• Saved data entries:
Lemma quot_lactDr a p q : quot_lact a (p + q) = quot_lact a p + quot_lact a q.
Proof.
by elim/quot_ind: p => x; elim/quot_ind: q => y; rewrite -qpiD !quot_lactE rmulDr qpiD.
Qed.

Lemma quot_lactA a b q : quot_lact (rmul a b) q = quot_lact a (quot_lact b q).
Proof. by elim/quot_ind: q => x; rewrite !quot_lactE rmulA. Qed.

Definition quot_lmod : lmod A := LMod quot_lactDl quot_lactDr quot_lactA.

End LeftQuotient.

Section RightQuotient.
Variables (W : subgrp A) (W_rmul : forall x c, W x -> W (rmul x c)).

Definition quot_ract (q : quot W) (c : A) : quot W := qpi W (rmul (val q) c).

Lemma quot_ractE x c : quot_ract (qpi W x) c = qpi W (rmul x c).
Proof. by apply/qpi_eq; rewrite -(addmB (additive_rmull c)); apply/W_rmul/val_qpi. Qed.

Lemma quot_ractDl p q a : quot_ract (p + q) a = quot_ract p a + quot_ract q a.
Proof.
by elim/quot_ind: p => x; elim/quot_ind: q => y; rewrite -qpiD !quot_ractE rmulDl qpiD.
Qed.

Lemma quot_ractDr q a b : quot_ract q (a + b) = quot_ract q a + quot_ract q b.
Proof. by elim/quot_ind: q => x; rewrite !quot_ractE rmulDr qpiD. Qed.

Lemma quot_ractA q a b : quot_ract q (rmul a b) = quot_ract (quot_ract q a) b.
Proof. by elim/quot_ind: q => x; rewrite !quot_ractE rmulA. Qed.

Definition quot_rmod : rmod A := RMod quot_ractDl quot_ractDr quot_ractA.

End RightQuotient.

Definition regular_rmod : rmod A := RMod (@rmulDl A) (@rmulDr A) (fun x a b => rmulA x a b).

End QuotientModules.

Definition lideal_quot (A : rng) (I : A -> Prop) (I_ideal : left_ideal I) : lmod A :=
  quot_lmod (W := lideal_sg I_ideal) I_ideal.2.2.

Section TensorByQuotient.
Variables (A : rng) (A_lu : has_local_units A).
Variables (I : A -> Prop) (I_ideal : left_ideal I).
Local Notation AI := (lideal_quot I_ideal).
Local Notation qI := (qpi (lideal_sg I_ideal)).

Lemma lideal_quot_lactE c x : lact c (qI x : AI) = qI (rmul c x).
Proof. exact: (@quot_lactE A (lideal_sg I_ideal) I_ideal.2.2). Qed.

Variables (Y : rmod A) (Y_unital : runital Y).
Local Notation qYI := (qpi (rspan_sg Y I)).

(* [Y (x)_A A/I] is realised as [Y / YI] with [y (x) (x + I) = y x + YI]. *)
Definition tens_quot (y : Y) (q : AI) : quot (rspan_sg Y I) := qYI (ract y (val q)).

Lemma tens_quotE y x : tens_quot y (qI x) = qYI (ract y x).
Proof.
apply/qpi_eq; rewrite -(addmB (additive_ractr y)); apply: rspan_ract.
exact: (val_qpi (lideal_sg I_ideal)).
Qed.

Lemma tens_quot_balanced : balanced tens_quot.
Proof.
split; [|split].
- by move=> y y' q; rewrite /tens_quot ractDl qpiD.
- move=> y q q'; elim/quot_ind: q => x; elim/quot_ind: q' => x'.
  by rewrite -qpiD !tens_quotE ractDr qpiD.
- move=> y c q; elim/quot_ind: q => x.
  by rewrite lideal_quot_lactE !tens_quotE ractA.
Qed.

* * *

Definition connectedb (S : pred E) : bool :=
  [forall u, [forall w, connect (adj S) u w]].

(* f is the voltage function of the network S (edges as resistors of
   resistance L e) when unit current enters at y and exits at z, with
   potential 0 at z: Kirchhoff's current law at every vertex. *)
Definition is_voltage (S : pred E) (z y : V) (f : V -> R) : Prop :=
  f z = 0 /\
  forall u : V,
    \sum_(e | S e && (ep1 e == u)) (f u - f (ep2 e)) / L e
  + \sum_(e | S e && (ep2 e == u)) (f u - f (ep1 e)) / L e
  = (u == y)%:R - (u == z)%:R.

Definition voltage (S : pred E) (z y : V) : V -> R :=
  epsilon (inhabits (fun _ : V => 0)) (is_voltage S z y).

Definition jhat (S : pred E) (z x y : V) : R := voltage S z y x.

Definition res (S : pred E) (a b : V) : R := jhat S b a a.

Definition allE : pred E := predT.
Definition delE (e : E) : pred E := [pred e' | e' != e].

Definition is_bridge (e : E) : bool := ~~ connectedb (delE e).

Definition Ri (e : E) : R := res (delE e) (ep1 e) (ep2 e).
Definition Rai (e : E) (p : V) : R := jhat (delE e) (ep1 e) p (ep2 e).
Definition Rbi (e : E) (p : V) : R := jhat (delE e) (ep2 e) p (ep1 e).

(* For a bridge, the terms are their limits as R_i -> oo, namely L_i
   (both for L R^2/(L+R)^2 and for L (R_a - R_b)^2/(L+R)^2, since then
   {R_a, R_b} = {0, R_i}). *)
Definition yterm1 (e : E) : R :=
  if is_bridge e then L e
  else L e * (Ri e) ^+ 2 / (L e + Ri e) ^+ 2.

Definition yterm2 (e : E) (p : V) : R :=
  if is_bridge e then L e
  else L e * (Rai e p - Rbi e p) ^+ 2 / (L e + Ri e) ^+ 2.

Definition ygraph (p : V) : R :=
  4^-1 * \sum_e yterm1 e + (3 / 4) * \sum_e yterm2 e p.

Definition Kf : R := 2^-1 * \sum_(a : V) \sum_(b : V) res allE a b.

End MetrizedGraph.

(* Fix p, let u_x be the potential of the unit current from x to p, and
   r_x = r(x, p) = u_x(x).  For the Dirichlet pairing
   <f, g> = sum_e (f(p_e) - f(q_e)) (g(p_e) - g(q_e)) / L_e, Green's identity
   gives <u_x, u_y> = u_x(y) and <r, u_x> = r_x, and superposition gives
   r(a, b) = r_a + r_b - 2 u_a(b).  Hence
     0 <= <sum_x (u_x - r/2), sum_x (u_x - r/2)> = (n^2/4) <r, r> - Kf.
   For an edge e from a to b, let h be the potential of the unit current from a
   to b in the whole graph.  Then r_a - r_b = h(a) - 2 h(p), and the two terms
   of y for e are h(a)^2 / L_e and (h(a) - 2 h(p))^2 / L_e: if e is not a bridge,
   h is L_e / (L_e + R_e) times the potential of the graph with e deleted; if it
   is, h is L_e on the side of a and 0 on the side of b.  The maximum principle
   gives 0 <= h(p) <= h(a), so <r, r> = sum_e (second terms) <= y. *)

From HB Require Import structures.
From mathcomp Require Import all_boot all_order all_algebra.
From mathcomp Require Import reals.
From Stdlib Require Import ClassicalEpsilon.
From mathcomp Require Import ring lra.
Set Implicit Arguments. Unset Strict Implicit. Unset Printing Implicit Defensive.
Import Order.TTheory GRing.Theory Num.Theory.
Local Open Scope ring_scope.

---

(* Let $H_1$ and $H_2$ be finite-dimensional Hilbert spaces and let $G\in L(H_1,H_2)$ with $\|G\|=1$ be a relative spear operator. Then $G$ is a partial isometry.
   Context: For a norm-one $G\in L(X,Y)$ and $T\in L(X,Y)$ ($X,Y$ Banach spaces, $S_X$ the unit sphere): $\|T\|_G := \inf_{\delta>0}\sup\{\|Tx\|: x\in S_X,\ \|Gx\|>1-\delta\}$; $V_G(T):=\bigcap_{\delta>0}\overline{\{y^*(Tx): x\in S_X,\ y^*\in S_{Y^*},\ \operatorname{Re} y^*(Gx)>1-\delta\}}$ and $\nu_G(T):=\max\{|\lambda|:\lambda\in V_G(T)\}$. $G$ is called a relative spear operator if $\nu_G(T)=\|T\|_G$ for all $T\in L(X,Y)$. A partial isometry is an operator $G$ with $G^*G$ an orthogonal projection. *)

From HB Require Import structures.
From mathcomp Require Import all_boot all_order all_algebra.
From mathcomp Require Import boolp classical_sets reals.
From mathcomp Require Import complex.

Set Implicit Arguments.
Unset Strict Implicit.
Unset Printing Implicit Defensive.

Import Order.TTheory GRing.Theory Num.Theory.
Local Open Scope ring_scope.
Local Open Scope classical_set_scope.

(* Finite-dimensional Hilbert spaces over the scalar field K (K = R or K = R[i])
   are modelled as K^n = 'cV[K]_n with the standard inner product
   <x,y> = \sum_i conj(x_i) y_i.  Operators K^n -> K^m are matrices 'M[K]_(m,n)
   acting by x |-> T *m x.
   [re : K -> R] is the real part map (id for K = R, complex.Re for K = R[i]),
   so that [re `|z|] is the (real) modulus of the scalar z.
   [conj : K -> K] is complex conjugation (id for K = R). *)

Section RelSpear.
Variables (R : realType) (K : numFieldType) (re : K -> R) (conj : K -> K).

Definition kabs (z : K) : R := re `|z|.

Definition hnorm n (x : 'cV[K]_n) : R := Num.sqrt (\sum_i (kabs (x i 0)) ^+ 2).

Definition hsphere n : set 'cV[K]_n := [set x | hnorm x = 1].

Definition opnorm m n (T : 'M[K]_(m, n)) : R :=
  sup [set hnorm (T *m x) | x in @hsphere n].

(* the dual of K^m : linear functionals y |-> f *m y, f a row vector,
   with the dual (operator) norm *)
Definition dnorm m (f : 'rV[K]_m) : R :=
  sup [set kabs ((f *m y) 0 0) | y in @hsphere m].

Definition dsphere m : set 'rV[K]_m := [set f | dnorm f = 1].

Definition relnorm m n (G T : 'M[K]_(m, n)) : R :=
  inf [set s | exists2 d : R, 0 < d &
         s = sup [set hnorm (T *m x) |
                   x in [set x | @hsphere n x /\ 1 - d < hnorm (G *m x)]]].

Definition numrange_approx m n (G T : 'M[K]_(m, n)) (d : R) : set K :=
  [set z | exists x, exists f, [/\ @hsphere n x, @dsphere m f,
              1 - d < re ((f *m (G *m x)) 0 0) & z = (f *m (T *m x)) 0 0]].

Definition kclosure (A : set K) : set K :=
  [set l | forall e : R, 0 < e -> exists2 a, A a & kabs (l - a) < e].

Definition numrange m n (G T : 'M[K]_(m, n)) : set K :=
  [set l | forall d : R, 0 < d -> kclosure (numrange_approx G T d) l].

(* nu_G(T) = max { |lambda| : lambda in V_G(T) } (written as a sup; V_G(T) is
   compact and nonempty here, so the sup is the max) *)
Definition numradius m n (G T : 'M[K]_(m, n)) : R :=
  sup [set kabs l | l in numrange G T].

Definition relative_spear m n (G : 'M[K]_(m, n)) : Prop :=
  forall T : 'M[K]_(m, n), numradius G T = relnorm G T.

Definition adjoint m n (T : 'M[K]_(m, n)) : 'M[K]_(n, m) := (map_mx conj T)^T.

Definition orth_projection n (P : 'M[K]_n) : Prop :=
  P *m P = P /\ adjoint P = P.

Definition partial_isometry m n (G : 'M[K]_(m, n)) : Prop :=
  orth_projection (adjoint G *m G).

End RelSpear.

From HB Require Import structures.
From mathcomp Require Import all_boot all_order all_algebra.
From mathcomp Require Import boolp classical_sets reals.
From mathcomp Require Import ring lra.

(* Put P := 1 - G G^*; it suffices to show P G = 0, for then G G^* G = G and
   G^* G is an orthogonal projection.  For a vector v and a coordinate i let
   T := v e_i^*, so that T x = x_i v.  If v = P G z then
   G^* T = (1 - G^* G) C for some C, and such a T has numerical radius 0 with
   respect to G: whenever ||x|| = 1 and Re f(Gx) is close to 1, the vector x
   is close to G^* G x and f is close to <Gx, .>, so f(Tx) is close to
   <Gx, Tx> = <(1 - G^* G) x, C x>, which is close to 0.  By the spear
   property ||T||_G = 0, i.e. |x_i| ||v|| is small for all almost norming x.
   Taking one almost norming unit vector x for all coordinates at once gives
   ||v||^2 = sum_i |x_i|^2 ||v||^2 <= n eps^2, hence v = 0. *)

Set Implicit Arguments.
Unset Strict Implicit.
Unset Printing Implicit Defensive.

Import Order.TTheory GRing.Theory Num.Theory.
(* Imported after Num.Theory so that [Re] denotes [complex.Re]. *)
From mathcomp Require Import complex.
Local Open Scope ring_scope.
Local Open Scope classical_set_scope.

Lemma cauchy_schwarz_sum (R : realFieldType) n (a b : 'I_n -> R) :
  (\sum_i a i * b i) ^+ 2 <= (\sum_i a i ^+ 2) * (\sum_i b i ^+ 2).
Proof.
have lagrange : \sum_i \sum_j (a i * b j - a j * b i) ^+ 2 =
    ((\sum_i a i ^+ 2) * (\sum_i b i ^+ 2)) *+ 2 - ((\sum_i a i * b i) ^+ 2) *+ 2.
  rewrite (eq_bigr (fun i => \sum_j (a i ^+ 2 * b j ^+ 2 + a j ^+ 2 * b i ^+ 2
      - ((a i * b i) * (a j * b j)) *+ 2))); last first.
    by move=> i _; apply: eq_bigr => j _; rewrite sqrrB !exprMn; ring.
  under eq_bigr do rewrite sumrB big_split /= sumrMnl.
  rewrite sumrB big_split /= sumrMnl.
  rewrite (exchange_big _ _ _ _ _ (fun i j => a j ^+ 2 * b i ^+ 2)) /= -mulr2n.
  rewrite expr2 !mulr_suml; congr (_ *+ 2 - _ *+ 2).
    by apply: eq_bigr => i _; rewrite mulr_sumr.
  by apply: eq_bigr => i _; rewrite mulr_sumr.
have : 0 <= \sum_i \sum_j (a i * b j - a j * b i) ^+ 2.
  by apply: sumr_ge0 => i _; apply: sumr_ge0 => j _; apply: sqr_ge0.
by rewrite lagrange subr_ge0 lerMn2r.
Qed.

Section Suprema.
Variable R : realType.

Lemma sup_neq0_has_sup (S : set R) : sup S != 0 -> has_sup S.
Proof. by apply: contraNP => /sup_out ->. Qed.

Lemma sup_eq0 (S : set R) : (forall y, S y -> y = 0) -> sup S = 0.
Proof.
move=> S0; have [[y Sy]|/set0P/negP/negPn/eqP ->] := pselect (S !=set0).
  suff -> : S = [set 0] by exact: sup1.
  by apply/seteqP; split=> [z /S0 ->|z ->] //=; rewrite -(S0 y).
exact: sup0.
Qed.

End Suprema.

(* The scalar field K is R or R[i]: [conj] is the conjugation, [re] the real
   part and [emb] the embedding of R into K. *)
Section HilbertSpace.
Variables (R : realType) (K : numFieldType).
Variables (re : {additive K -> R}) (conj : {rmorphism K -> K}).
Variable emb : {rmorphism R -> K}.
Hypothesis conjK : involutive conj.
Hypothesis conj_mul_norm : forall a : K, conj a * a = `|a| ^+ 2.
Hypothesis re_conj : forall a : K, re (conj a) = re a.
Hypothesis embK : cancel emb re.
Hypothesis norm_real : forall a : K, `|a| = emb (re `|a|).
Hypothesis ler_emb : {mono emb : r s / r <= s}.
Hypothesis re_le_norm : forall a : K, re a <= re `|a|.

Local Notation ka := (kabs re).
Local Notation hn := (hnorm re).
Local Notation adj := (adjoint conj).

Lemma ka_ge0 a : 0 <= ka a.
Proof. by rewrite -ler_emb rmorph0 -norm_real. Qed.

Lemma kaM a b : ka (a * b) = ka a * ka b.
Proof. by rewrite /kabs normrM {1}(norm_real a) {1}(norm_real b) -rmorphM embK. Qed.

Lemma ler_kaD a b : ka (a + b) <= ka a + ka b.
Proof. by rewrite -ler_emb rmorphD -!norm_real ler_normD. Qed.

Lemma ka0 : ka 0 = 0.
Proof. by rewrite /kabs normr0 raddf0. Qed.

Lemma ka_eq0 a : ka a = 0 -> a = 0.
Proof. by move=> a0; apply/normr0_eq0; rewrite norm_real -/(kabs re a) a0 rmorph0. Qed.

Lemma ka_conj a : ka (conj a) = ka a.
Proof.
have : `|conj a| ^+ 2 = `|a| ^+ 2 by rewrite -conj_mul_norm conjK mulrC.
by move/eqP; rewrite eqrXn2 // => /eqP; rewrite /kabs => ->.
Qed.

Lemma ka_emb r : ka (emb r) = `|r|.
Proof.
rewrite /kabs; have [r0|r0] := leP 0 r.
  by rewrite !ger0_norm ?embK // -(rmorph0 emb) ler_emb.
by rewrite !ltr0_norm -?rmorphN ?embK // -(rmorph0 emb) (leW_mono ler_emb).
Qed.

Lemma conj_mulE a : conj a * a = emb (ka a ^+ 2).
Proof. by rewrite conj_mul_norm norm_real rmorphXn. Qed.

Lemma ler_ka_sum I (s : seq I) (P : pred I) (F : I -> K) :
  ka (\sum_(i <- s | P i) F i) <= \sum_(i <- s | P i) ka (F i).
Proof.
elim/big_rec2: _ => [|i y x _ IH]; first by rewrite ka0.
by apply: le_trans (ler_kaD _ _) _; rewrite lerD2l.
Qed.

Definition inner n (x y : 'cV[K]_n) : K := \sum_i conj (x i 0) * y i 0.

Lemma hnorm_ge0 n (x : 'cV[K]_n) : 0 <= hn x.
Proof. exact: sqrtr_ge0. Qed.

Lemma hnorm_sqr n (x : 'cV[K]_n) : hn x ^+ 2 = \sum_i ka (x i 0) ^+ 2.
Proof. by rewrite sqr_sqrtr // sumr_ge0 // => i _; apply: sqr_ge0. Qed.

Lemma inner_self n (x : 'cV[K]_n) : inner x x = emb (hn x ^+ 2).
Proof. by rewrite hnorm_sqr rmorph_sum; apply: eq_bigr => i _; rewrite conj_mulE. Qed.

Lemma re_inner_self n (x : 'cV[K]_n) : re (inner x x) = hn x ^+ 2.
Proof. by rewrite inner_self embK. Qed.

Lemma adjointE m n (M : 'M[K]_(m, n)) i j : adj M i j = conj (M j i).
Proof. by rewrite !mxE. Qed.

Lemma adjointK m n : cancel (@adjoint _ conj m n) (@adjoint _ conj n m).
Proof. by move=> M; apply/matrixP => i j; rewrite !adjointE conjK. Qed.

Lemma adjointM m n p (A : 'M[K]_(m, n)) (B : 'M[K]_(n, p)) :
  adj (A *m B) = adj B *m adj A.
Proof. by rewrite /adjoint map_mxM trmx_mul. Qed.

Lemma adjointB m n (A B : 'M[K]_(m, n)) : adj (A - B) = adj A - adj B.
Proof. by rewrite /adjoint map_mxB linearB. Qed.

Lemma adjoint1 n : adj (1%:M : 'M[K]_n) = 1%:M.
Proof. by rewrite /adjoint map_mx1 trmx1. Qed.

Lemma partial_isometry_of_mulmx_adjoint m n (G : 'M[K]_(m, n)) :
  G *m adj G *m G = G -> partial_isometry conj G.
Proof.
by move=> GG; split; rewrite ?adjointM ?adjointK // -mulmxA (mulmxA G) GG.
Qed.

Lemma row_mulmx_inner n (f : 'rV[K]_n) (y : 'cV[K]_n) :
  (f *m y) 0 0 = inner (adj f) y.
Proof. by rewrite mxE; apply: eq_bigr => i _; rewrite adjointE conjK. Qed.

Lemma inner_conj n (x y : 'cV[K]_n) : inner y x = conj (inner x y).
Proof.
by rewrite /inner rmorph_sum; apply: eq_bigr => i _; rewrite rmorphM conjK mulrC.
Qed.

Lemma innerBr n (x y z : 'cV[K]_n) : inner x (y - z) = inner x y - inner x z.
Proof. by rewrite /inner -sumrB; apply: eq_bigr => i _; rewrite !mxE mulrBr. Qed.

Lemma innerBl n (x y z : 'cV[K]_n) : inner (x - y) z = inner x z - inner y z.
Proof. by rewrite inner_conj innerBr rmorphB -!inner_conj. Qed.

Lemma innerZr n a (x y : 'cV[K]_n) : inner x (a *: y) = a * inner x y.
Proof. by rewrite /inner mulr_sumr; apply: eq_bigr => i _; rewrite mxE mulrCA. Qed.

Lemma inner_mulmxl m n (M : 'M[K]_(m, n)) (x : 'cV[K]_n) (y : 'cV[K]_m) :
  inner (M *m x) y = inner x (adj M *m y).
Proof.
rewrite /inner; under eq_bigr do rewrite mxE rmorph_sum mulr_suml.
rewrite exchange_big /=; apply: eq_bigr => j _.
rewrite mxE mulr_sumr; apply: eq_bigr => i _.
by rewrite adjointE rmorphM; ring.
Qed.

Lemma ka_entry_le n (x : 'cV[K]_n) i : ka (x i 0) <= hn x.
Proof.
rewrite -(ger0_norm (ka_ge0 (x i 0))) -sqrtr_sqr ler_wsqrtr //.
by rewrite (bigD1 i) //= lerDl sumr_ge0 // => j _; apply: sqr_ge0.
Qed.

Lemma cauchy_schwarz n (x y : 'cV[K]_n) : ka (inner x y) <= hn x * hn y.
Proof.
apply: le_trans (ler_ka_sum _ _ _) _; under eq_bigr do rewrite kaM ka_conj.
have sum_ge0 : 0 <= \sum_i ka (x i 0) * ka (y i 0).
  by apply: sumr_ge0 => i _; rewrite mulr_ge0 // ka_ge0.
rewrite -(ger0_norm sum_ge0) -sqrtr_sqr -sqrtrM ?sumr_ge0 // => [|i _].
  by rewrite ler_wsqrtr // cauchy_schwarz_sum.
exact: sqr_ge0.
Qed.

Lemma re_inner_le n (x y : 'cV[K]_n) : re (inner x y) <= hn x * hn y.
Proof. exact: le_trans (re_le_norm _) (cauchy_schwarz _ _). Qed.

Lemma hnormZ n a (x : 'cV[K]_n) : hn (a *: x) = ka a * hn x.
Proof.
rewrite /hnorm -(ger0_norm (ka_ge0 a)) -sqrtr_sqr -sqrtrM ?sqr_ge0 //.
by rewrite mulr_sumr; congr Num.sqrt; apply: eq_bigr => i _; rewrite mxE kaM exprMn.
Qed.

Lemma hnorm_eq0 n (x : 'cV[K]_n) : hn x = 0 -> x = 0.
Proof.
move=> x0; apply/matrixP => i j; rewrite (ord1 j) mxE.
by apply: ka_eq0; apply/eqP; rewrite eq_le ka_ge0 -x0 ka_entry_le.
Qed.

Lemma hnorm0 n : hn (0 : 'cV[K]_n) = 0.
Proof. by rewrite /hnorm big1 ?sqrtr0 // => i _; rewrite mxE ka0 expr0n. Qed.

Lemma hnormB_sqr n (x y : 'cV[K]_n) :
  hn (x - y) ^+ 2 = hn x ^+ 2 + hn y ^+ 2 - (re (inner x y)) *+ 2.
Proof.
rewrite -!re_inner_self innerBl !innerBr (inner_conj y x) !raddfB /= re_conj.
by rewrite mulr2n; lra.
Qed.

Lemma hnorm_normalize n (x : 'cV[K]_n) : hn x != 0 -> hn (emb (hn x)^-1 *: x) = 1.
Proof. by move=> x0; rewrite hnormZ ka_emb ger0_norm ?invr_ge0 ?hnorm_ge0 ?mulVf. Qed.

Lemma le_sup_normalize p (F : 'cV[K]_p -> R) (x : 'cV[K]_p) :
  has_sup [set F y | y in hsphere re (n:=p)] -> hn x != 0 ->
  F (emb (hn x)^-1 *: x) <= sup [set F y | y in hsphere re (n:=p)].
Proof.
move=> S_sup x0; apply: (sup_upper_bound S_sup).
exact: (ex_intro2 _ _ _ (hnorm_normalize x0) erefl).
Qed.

• What to do:
Filter these records, keeping every line where the word "sumrMnl" occurs.

• Result of the exercise:
  under eq_bigr do rewrite sumrB big_split /= sumrMnl.
  rewrite sumrB big_split /= sumrMnl.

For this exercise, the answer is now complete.